We figured you, like us, might be fascinated by hot air balloon installation services and want to learn more about them in the who we are section. Of course, the best way to do this is to personally experience the joys of ballooning!

Seeing the science in action and having our pilots answer any questions you have while truly floating in the air for a once-in-a-lifetime experience is by far our favorite way to learn how hot air balloons function.
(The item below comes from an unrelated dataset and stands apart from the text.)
(* Let $\mathcal{A}$ be an attacker, $W$ a world, $m\in\mathbb{N}$, $\Sigma,\Sigma'$ lock sets, $\tau,\tau'$ labeled types and $e,e'$ expressions. If $(e,e',W,\Sigma,\Sigma',m)\in\mathcal{E}^{\mathcal{A}}[\![\tau']\!]$, $\Sigma\approx_{\mathcal{A}}\Sigma'$, $\tau'|_{\Sigma}<:\tau$ and $\tau'|_{\Sigma'}<:\tau$, then $(\mathsf{new}(e,\tau),\mathsf{new}(e',\tau),W,\Sigma,\Sigma',m)\in\mathcal{E}^{\mathcal{A}}[\![(\mathsf{ref}\,\tau)^{\bot}]\!]$.
   Context: **Policies.** Fix a set of actors $a$ and a set of locks $\sigma$. A lock set $\Sigma$ is a set of locks. A clause is a pair $(\Sigma \Rightarrow a)$; a policy $p$ is a set of clauses. $p \sqsubseteq q$ iff for every $(\Sigma_2\Rightarrow a)\in q$ there is $(\Sigma_1\Rightarrow a)\in p$ with $\Sigma_1\subseteq\Sigma_2$. $\bot=\{(\emptyset\Rightarrow a)\mid a \text{ an actor}\}$. Specialization: $p|_\Sigma=\{(\Sigma_1\setminus\Sigma\Rightarrow a)\mid(\Sigma_1\Rightarrow a)\in p\}$. A fixed function $\mathrm{LockPolicy}$ assigns a policy to each lock. **Types.** Raw types $A ::= \mathsf{unit}\mid\mathsf{nat}\mid \tau_1+\tau_2\mid\tau_1\times\tau_2\mid \mathsf{ref}\,\tau\mid \tau_1\xrightarrow{\Sigma,p}\tau_2$; labeled types $\tau ::= A^p$. For $\tau=A^p$: $\tau\sqsubseteq q$ means $p\sqsubseteq q$; $\tau|_\Sigma = A^{p|_\Sigma}$. **Subtyping** $<:$: $A^p<:B^{p'}$ if $p\sqsubseteq p'$ and $A<:B$; $\mathsf{unit}<:\mathsf{unit}$; $\mathsf{nat}<:\mathsf{nat}$; $\mathsf{ref}\,\tau<:\mathsf{ref}\,\tau$; $\tau_0\times\tau_2<:\tau_1\times\tau_3$ and $\tau_0+\tau_2<:\tau_1+\tau_3$ if $\tau_0<:\tau_1,\tau_2<:\tau_3$; $\tau_1\xrightarrow{\Sigma,p}\tau_2<:\tau_0\xrightarrow{\Sigma',p'}\tau_3$ if $\tau_0<:\tau_1$, $\tau_2<:\tau_3$, $p'\sqsubseteq p$, $\Sigma\subseteq\Sigma'$. **Syntax.** Expressions: $x\mid ()\mid n\ (n\in\mathbb{N})\mid \lambda x.e\mid (e,e')\mid \mathsf{fst}(e)\mid\mathsf{snd}(e)\mid\mathsf{inl}(e)\mid\mathsf{inr}(e)\mid \mathsf{case}\ e\ \mathsf{of}\ \mathsf{inl}\,x\Rightarrow e'\mid\mathsf{inr}\,y\Rightarrow e''\mid e\,e'\mid \mathsf{new}(e,\tau)\mid\ !e\mid e:=e'\mid \mathsf{open}\ \sigma\ \mathsf{in}\ e\mid\mathsf{opened}\ \sigma\ \mathsf{in}\ e\mid\mathsf{close}\ \sigma\ \mathsf{in}\ e\mid\mathsf{closed}\ \sigma\ \mathsf{in}\ e\mid \mathsf{when}\ \sigma\ \mathsf{then}\ e\ \mathsf{else}\ e'\mid l$ ($l$ ranging over a countably infinite set of locations). Values: $v::=\lambda x.e\mid(v,v')\mid\mathsf{inl}(v)\mid\mathsf{inr}(v)\mid()\mid l\mid n$; $\mathcal{V}$ is the set of values. A state $S$ is a finite map from locations to pairs $(v,\tau)$; write $S(l)=v$, $\mathrm{type}(S,l)=\tau$. A state environment $\theta$ is a finite map from locations to labeled types; $\theta'\sqsupseteq\theta$ iff $\theta\subseteq\theta'$ as graphs. **Observations.** $\omega::=\varepsilon\mid \mathsf{wr}_{l,\tau}(v)\mid\mathsf{open}(\sigma)\mid\mathsf{close}(\sigma)\mid\mathsf{unopen}(\sigma)\mid\mathsf{unclose}(\sigma)$. $\mathrm{pol}(\mathsf{wr}_{l,A^p}(v))=p$; the policy of each of the four lock observations on $\sigma$ is $\mathrm{LockPolicy}(\sigma)$; $\mathrm{pol}(\varepsilon)$ is undefined. **Reduction** $e,\Sigma,S\to e',S',\omega,\Sigma'$ ($\Sigma$ = open locks, $\Sigma'$ = active lock set). Congruence rules (the premise step's $S',\omega,\Sigma'$ are propagated unchanged): reduce $e$ inside $\mathsf{new}(e,\tau)$, $!e$, $e:=e'$, $l:=e$, $e\,e'$, $(\lambda x.e)\,e$, $(e,e')$, $(v,e)$, $\mathsf{fst}(e)$, $\mathsf{snd}(e)$, $\mathsf{inl}(e)$, $\mathsf{inr}(e)$, and the scrutinee of $\mathsf{case}$, all with the same open-lock set $\Sigma$. Lock rules: $\mathsf{open}\ \sigma\ \mathsf{in}\ e,\Sigma,S\to \mathsf{opened}\ \sigma\ \mathsf{in}\ e,S,\mathsf{open}(\sigma),\Sigma$; if $e,\Sigma\cup\{\sigma\},S\to e',S',\omega,\Sigma'$ then $\mathsf{opened}\ \sigma\ \mathsf{in}\ e,\Sigma,S\to\mathsf{opened}\ \sigma\ \mathsf{in}\ e',S',\omega,\Sigma'$; $\mathsf{opened}\ \sigma\ \mathsf{in}\ v,\Sigma,S\to v,S,\mathsf{unopen}(\sigma),\Sigma$; analogously for $\mathsf{close}/\mathsf{closed}$ with $\Sigma\setminus\{\sigma\}$ and observations $\mathsf{close}(\sigma)$, $\mathsf{unclose}(\sigma)$. If $\sigma\in\Sigma$ and $e,\Sigma,S\to e'',S',\omega,\Sigma'$ then $\mathsf{when}\ \sigma\ \mathsf{then}\ e\ \mathsf{else}\ e',\Sigma,S\to\mathsf{when}\ \sigma\ \mathsf{then}\ e''\ \mathsf{else}\ e',S',\omega,\Sigma'$; if $\sigma\notin\Sigma$ and $e',\Sigma,S\to e'',S',\omega,\Sigma'$ then it steps to $\mathsf{when}\ \sigma\ \mathsf{then}\ e\ \mathsf{else}\ e''$; if $\sigma\in\Sigma$, $\mathsf{when}\ \sigma\ \mathsf{then}\ v\ \mathsf{else}\ e'\to v$; if $\sigma\notin\Sigma$, $\mathsf{when}\ \sigma\ \mathsf{then}\ e\ \mathsf{else}\ v\to v$ (both with $S$ unchanged, $\varepsilon$, active set $\Sigma$). Base rules (state unchanged unless stated, active set $\Sigma$): $!l\to v$ with $\varepsilon$ if $S(l)=v$; $\mathsf{new}(v,\tau),\Sigma,S\to l,S\cup\{l\mapsto(v,\tau)\},\mathsf{wr}_{l,\tau}(v),\Sigma$ for any $l\notin\mathrm{dom}(S)$; $l:=v,\Sigma,S\to (),S[l\mapsto(v,\tau)],\mathsf{wr}_{l,\tau}(v),\Sigma$ if $l\in\mathrm{dom}(S)$, $\mathrm{type}(S,l)=\tau$; $(\lambda x.e)\,v\to[v/x]e$, $\mathsf{fst}(v,v')\to v$, $\mathsf{snd}(v,v')\to v'$, $\mathsf{case}\ \mathsf{inl}(v)\ldots\to[v/x]e'$, $\mathsf{case}\ \mathsf{inr}(v)\ldots\to[v/y]e''$, all with $\varepsilon$. **Unary relation** (sets of triples, defined by well-founded recursion on the step index $m$). $(S,m)\triangleright\theta$ iff $\mathrm{dom}\,\theta\subseteq\mathrm{dom}\,S$ and for all $l\in\mathrm{dom}\,\theta$: $\theta(l)=\mathrm{type}(S,l)$ and $(S(l),\theta,m)\in\mathcal{V}[\![\theta(l)]\!]$. $\mathcal{V}[\![A^p]\!]=\mathcal{V}[\![A]\!]$; $\mathcal{V}[\![\mathsf{unit}]\!]=\{((),\theta,m)\}$; $\mathcal{V}[\![\mathsf{nat}]\!]=\{(n,\theta,m)\}$; pairs/sums componentwise; $\mathcal{V}[\![\mathsf{ref}\,\tau]\!]=\{(l,\theta,m)\mid\theta(l)=\tau\}$; $(\lambda x.e,\theta,m)\in\mathcal{V}[\![\tau_1\xrightarrow{\Sigma,pc}\tau_2]\!]$ iff for all $\theta'\sqsupseteq\theta$, $m'<m$, $v$ with $(v,\theta',m')\in\mathcal{V}[\![\tau_1]\!]$: $([v/x]e,\theta',m')\in\mathcal{E}^{pc}[\![\tau_2]\!]$. $\mathcal{E}^{pc}[\![\tau]\!]=\mathcal{V}[\![\tau]\!]\cup\{(e,\theta,m)\mid e\notin\mathcal{V}$ and for all $S,\theta'\sqsupseteq\theta,m'<m,e',S',\omega,\Sigma,\Sigma'$ with $(S,m')\triangleright\theta'$ and $e,\Sigma,S\to e',S',\omega,\Sigma'$: ($\omega=\varepsilon$ or $pc\sqsubseteq\mathrm{pol}(\omega)$) and there is $\theta''\sqsupseteq\theta'$ with $(S',m')\triangleright\theta''$ and $(e',\theta'',m')\in\mathcal{E}^{pc}[\![\tau]\!]\}$. **Attackers.** An attacker $\mathcal{A}=(a,\Sigma_{\mathcal{A}})$; $p\sqsubseteq\mathcal{A}$ iff $p\sqsubseteq\{(\Sigma_{\mathcal{A}}\Rightarrow a)\}$ (for labeled types via their label); for a lock set, $\Sigma\sqsubseteq\mathcal{A}$ iff $\Sigma\subseteq\Sigma_{\mathcal{A}}$; by convention $\mathrm{pol}(\varepsilon)\not\sqsubseteq\mathcal{A}$. $\mathrm{low}_{\mathcal{A}}(\Sigma)=\{\sigma\in\Sigma\mid\mathrm{LockPolicy}(\sigma)\sqsubseteq\mathcal{A}\}$; $\Sigma\approx_{\mathcal{A}}\Sigma'$ iff $\mathrm{low}_{\mathcal{A}}(\Sigma)=\mathrm{low}_{\mathcal{A}}(\Sigma')$. **Worlds.** $W=(\theta_1,\theta_2,\beta)$ with $\beta$ a partial bijection (injective partial function, viewed as a relation) from $\mathrm{dom}\,\theta_1$ to $\mathrm{dom}\,\theta_2$. $W'\sqsupseteq W$ iff $\theta_i\subseteq\theta_i'$ and $\beta\subseteq\beta'$. $(S_1,S_2,m)\triangleright_{\mathcal{A}}W$ iff $\mathrm{dom}\,\theta_i\subseteq\mathrm{dom}\,S_i$, $\theta_i(l)=\mathrm{type}(S_i,l)$ for $l\in\mathrm{dom}\,\theta_i$, $\beta\subseteq\mathrm{dom}\,\theta_1\times\mathrm{dom}\,\theta_2$, and for all $(l_1,l_2)\in\beta$: $\theta_1(l_1)=\theta_2(l_2)$ and $(S_1(l_1),S_2(l_2),W,m)\in\mathcal{V}^{\mathcal{A}}[\![\theta_1(l_1)]\!]$. **Binary value relation** (well-founded recursion on $m$ and types). $\mathcal{V}^{\mathcal{A}}[\![A^p]\!]$: if $p\sqsubseteq\mathcal{A}$, the tuples $(v,v',W,m)\in\mathcal{V}^{\mathcal{A}}[\![A]\!]$; otherwise the tuples with $(v,W.\theta_1,m),(v',W.\theta_2,m)\in\mathcal{V}[\![A]\!]$ (unary). $\mathsf{unit}$: $((),(),W,m)$; $\mathsf{nat}$: $(n,n,W,m)$; pairs componentwise; sums: both $\mathsf{inl}$ with related payloads or both $\mathsf{inr}$; $\mathsf{ref}\,\tau$: $(l,l',W,m)$ with $W.\theta_1(l)=\tau=W.\theta_2(l')$, $(l,l')\in W.\beta$; $(\lambda x.e_1,\lambda x.e_2,W,m)\in\mathcal{V}^{\mathcal{A}}[\![\tau_1\xrightarrow{\Sigma,pc}\tau_2]\!]$ iff for all $W'\sqsupseteq W$, $m'<m$, $(v_1,v_2,W',m')\in\mathcal{V}^{\mathcal{A}}[\![\tau_1]\!]$, $\Sigma_1,\Sigma_2\supseteq\Sigma$: $([v_1/x]e_1,[v_2/x]e_2,W',\Sigma_1,\Sigma_2,m')\in\mathcal{E}^{\mathcal{A}}[\![\tau_2]\!]$, and $(\lambda x.e_i,W.\theta_i,m)\in\mathcal{V}[\![\tau_1\xrightarrow{\Sigma,pc}\tau_2]\!]$ for $i=1,2$. **Observation relations.** Indistinguishability $\omega\equiv_{(W,m)}\omega'$ holds iff $\mathrm{pol}(\omega)\not\sqsubseteq\mathcal{A}$ and $\mathrm{pol}(\omega')\not\sqsubseteq\mathcal{A}$; or $\omega=\omega'$ is not a write; or $\omega=\mathsf{wr}_{l,\tau}(v)$, $\omega'=\mathsf{wr}_{l',\tau}(v')$ with $(v,v',W,m)\in\mathcal{V}^{\mathcal{A}}[\![\tau]\!]$ and $(l,l')\in W.\beta$. Irrelevance $\omega\approx^{(W,m)}\omega'$ holds iff $\omega=\omega'$ is not a write; or $\mathrm{pol}(\omega)\not\sqsubseteq\mathcal{A}$ or $\mathrm{pol}(\omega')\not\sqsubseteq\mathcal{A}$; or $\omega=\mathsf{wr}_{l,\tau}(v)$, $\omega'=\mathsf{wr}_{l',\tau}(v')$ with $(v,v',W,m)\in\mathcal{V}^{\mathcal{A}}[\![\tau]\!]$. **Binary expression relation.** $\mathcal{E}^{\mathcal{A}}[\![\tau]\!]=\{(v,v',W,\Sigma_1,\Sigma_2,m)\mid(v,v',W,m)\in\mathcal{V}^{\mathcal{A}}[\![\tau]\!]\}\cup\mathcal{E}^{\mathcal{A},\beta}[\![\tau]\!]$, where $(e_1,e_2,W,\Sigma,\Sigma',m)\in\mathcal{E}^{\mathcal{A},\beta}[\![\tau]\!]$ iff $\Sigma\approx_{\mathcal{A}}\Sigma'$ and for all $\Sigma_1\supseteq\Sigma$, $\Sigma_2\supseteq\Sigma'$ with $\Sigma_1\approx_{\mathcal{A}}\Sigma_2$, all $W'\sqsupseteq W$, $m'<m$, $S_1,S_2$ with $(S_1,S_2,m')\triangleright_{\mathcal{A}}W'$, at least one holds: (Par) $e_1,e_2\notin\mathcal{V}$ and for all steps $e_1,\Sigma_1,S_1\to e_1',S_1',\omega,\Sigma_1'$ and $e_2,\Sigma_2,S_2\to e_2',S_2',\omega',\Sigma_2'$: if $\omega\approx^{(W',m')}\omega'$ or $\Sigma_1'\sqsubseteq\mathcal{A}$ or $\Sigma_2'\sqsubseteq\mathcal{A}$, then there is $W''\sqsupseteq W'$ with $(S_1',S_2',m')\triangleright_{\mathcal{A}}W''$, $\omega\equiv_{(W'',m')}\omega'$ and $(e_1',e_2',W'',\Sigma,\Sigma',m')\in\mathcal{E}^{\mathcal{A}}[\![\tau]\!]$; (L) $e_1\notin\mathcal{V}$ and for every step $e_1,\Sigma_1,S_1\to e_1',S_1',\omega,\Sigma_1'$: $\mathrm{pol}(\omega)\not\sqsubseteq\mathcal{A}$ and there is $W''\sqsupseteq W'$ with $(S_1',S_2,m')\triangleright_{\mathcal{A}}W''$ and $(e_1',e_2,W'',\Sigma,\Sigma',m')\in\mathcal{E}^{\mathcal{A}}[\![\tau]\!]$; (R) symmetric to (L) with a step of $e_2$ from $\Sigma_2,S_2$, requiring $(S_1,S_2',m')\triangleright_{\mathcal{A}}W''$ and $(e_1,e_2',W'',\Sigma,\Sigma',m')\in\mathcal{E}^{\mathcal{A}}[\![\tau]\!]$. *)

From Stdlib Require Import List Arith PeanoNat.
Import ListNotations.
Set Implicit Arguments.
A hot air balloon is a one-of-a-kind flying device that operates on the principle that hot air rises. A hot air balloon might be one of two types. Both were created in the late 1800s and are still widely used today.


To gain lift, the ‘Montgolfier’ kind employs fire to heat the air inside the balloon. The next form is a hybrid balloon, which uses heated air in the same way as a regular balloon but also contains a compartment at the top filled with helium or hydrogen gas. A pure gas balloon, which does not require heated air and can only be controlled by dropping ballast or venting the gas, is the third type.
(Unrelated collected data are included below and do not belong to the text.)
(* Let $l\ge2$ be an integer and $\varepsilon>0$. Then, as $n\to\infty$, $$\sum_{1\le i\le n}\ \sum_{\substack{d_1,d_2\ge1,\ d_1d_2\le i\\ d_1\mid i,\ d_2\mid i+1\\ \gcd(d_1,d_2)=1}}\frac{\mu(d_1)\mu(d_2)}{(d_1d_2)^{l-1}}=n\prod_p\Big(1-\frac{2}{p^l}\Big)+O_{l,\varepsilon}(n^{\varepsilon}),$$ where $\mu$ is the Möbius function and $p$ runs over all primes. *)

From HB Require Import structures.
From mathcomp Require Import all_boot all_order all_algebra.
From mathcomp Require Import all_classical all_reals all_analysis.
Set Implicit Arguments. Unset Strict Implicit. Unset Printing Implicit Defensive.
Import Order.TTheory GRing.Theory Num.Theory.
Local Open Scope ring_scope.

(* Moebius function: mu 0 = 0 (never used), mu n = (-1)^(#primes of n) if n
   is squarefree, 0 otherwise. *)
Definition moebius (n : nat) : int :=
  if (0 < n)%N && all (fun p => logn p n == 1%N) (primes n)
  then (-1) ^+ size (primes n) else 0.

Definition S29 (R : realType) (l n : nat) : R :=
  \sum_(1 <= i < n.+1)
    \sum_(1 <= d1 < i.+1 | (d1 %| i)%N)
      \sum_(1 <= d2 < i.+2 | [&& (d2 %| i.+1)%N, coprime d1 d2 & (d1 * d2 <= i)%N])
        ((moebius d1 * moebius d2)%:~R / ((d1 * d2)%:R ^+ (l - 1))).

Definition euler_partial (R : realType) (l N : nat) : R :=
  \prod_(p < N | prime p) (1 - 2 / (p%:R ^+ l)).

From HB Require Import structures.
From mathcomp Require Import all_boot all_order all_algebra.
From mathcomp Require Import all_classical all_reals all_analysis.
From mathcomp Require Import ring lra zify.
Set Implicit Arguments. Unset Strict Implicit. Unset Printing Implicit Defensive.
Import Order.TTheory GRing.Theory Num.Theory.
Import numFieldNormedType.Exports.
Local Open Scope ring_scope.
Local Open Scope classical_set_scope.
Many long-distance ballooning records have been set with hybrid and gas balloons, which need less fuel to fly aloft for longer periods.
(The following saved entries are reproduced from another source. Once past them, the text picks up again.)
Lemma sum_injective_windows_le (k : nat) (Q : cube k -> R) (y : cube k) :
  \sum_(c : {ffun 'I_k -> 'I_N} | injectiveb c) Q [ffun i => X (y i) (c i)]
    <= (N ^_ k)%:R * Enoisy_at Q (frac_changed true) (frac_changed false) y
       + 2 * l1norm Q * (N%:R ^+ k - (N ^_ k)%:R).
Proof.
have all := sum_all_windows Q y.
rewrite (bigID (fun c : {ffun 'I_k -> 'I_N} => injectiveb c)) /= in all.
set D := \sum_(c : {ffun 'I_k -> 'I_N} | ~~ injectiveb c) (1 : R).
have D0 : 0 <= D by apply: sumr_ge0.
have D_eq : N%:R ^+ k - (N ^_ k)%:R = D.
  have : \sum_(c : {ffun 'I_k -> 'I_N}) (1 : R) = N%:R ^+ k.
    by rewrite sumr_const card_ffun !card_ord -natrX.
  rewrite (bigID (fun c : {ffun 'I_k -> 'I_N} => injectiveb c)) /= card_injective_ffun -/D.
  by move=> count_all; lra.
have Nk : N%:R ^+ k = (N ^_ k)%:R + D by rewrite -D_eq addrC subrK.
have noninj_ge : - (l1norm Q * D) <=
    \sum_(c : {ffun 'I_k -> 'I_N} | ~~ injectiveb c) Q [ffun i => X (y i) (c i)].
  rewrite /D mulr_sumr -sumrN; apply: ler_sum => c _; rewrite mulr1.
  by have := ler_norm_l1norm Q [ffun i => X (y i) (c i)]; rewrite ler_norml => /andP[].
have E_le : Enoisy_at Q (frac_changed true) (frac_changed false) y <= l1norm Q.
  apply: le_trans (ler_norm _) (norm_Enoisy_at_le Q y _ _); exact: frac_changed_01.
have inj_eq : \sum_(c : {ffun 'I_k -> 'I_N} | injectiveb c) Q [ffun i => X (y i) (c i)] =
    N%:R ^+ k * Enoisy_at Q (frac_changed true) (frac_changed false) y
    - \sum_(c : {ffun 'I_k -> 'I_N} | ~~ injectiveb c) Q [ffun i => X (y i) (c i)].
  by rewrite -all addrK.
rewrite inj_eq D_eq Nk.
have := ler_wpM2l D0 E_le; lra.
Qed.

End Assignments.

Section BlowUp.
Variables (R : realType) (k M N : nat) (w : cube k -> nat).

(* ((y, t), c) is the t-th copy of the constraint on the variables (y_i, c_i). *)
Definition blowup_constraint : pred ((cube k * 'I_M) * {ffun 'I_k -> 'I_N}) :=
  fun s => (s.1.2 < w s.1.1)%N && injectiveb s.2.

Definition blowup (j : 'I_#|blowup_constraint|) (i : 'I_k) :=
  enum_rank (((enum_val j).1.1 i, (enum_val j).2 i) : bool * 'I_N).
The following items make up a hot air balloon installation service:

  • Envelopes or Balloons

The balloon, sometimes known as an ‘envelope,’ is a fabric bag constructed of durable, light nylon with a mouth opening at one end. Before a flight, the envelope is put out on the ground and partially inflated with cold air from high-powered blowers before being heated with burners to provide the necessary lift.

Passenger-carrying balloons range in size from 77,000 cubic feet (referred to as a ’77’) to 600,000 cubic feet (referred to as a ‘600’). Our ‘400’ Virgin balloon, which stands over 120ft tall once inflated, is the largest passenger balloon.

Although most envelopes have the same ‘inverted tear drop’ shape as ours, several well-known brands have special shape’ hot air balloons for advertising purposes. Most balloons include vents on the top and sides, allowing the pilot to release air or rotate the balloon by tugging specific ropes as needed.

  • Baskets made of hot air balloons

The passenger-carrying balloon basket is linked to the envelope’s bottom by exceptionally strong metal cables. The baskets have strengthened steel frames and are covered in traditional woven wicker that is light, sturdy, and long-lasting.

Balloon baskets range in size from two to twenty-four persons. Our hot air balloons have a capacity of 10 to 16 passengers and are about the size of a large conference table. Minimum and maximum loading capacity for balloons have been established.

Large balloon baskets are normally rectangular and divided into comfortable compartments for three or four persons, providing a spectacular view for everybody. Smooth leather covers the surfaces, and foot openings in the basket’s side allow passengers to climb in and out. Many of our hot air balloon baskets come equipped with bench seats that can be used for landing.

  • Burners for Hot Air Balloons

The burner functions as the balloon’s ‘engine.’ It’s attached to a metal frame that’s attached above the basket and under the envelope’s mouth. The burner burns liquid propane from pressurized gas tanks by mixing it with oxygen. The pilot activates a small valve, which ignites the burner and directs the flame into the balloon’s mouth, heating the air inside.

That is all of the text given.